**RECORDS FOR THIS EXERCISE**

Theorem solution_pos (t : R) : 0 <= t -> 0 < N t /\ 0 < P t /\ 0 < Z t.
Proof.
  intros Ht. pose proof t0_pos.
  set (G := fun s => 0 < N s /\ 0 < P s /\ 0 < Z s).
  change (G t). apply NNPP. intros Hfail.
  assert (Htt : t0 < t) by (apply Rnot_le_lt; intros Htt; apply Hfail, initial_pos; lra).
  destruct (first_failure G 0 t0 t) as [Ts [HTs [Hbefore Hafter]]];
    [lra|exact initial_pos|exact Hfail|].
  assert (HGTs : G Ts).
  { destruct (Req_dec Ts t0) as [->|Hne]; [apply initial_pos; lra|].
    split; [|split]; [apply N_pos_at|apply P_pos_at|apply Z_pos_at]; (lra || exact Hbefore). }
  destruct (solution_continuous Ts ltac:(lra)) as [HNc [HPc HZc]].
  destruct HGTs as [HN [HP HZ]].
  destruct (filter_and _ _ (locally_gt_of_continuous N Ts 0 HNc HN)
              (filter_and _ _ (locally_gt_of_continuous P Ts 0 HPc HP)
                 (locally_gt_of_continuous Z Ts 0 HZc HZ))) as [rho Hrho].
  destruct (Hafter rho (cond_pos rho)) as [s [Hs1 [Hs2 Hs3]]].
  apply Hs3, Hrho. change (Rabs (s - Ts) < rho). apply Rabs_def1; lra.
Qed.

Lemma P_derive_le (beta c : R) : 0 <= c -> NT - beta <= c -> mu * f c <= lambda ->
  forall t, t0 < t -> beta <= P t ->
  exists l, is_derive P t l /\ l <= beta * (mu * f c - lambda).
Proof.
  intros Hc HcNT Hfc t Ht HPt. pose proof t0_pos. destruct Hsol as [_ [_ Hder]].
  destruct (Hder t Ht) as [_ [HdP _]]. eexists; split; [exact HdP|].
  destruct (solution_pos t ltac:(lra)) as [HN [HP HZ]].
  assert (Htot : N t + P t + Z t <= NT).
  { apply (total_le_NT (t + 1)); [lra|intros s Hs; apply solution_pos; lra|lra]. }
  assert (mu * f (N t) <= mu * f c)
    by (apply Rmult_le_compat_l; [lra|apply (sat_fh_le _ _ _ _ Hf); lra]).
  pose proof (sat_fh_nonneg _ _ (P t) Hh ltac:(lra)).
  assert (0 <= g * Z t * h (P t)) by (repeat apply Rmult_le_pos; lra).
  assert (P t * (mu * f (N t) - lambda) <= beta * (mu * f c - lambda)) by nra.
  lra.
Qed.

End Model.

**WHAT THE TASK REQUIRES**
Could you write out, exactly as they stand, only the lines above that begin at the line with "destruct (filter_and _" and stop after the line with "(locally_gt_of_continuous Z Ts"?

**TASK SOLUTION**
  destruct (filter_and _ _ (locally_gt_of_continuous N Ts 0 HNc HN)
              (filter_and _ _ (locally_gt_of_continuous P Ts 0 HPc HP)
                 (locally_gt_of_continuous Z Ts 0 HZc HZ))) as [rho Hrho].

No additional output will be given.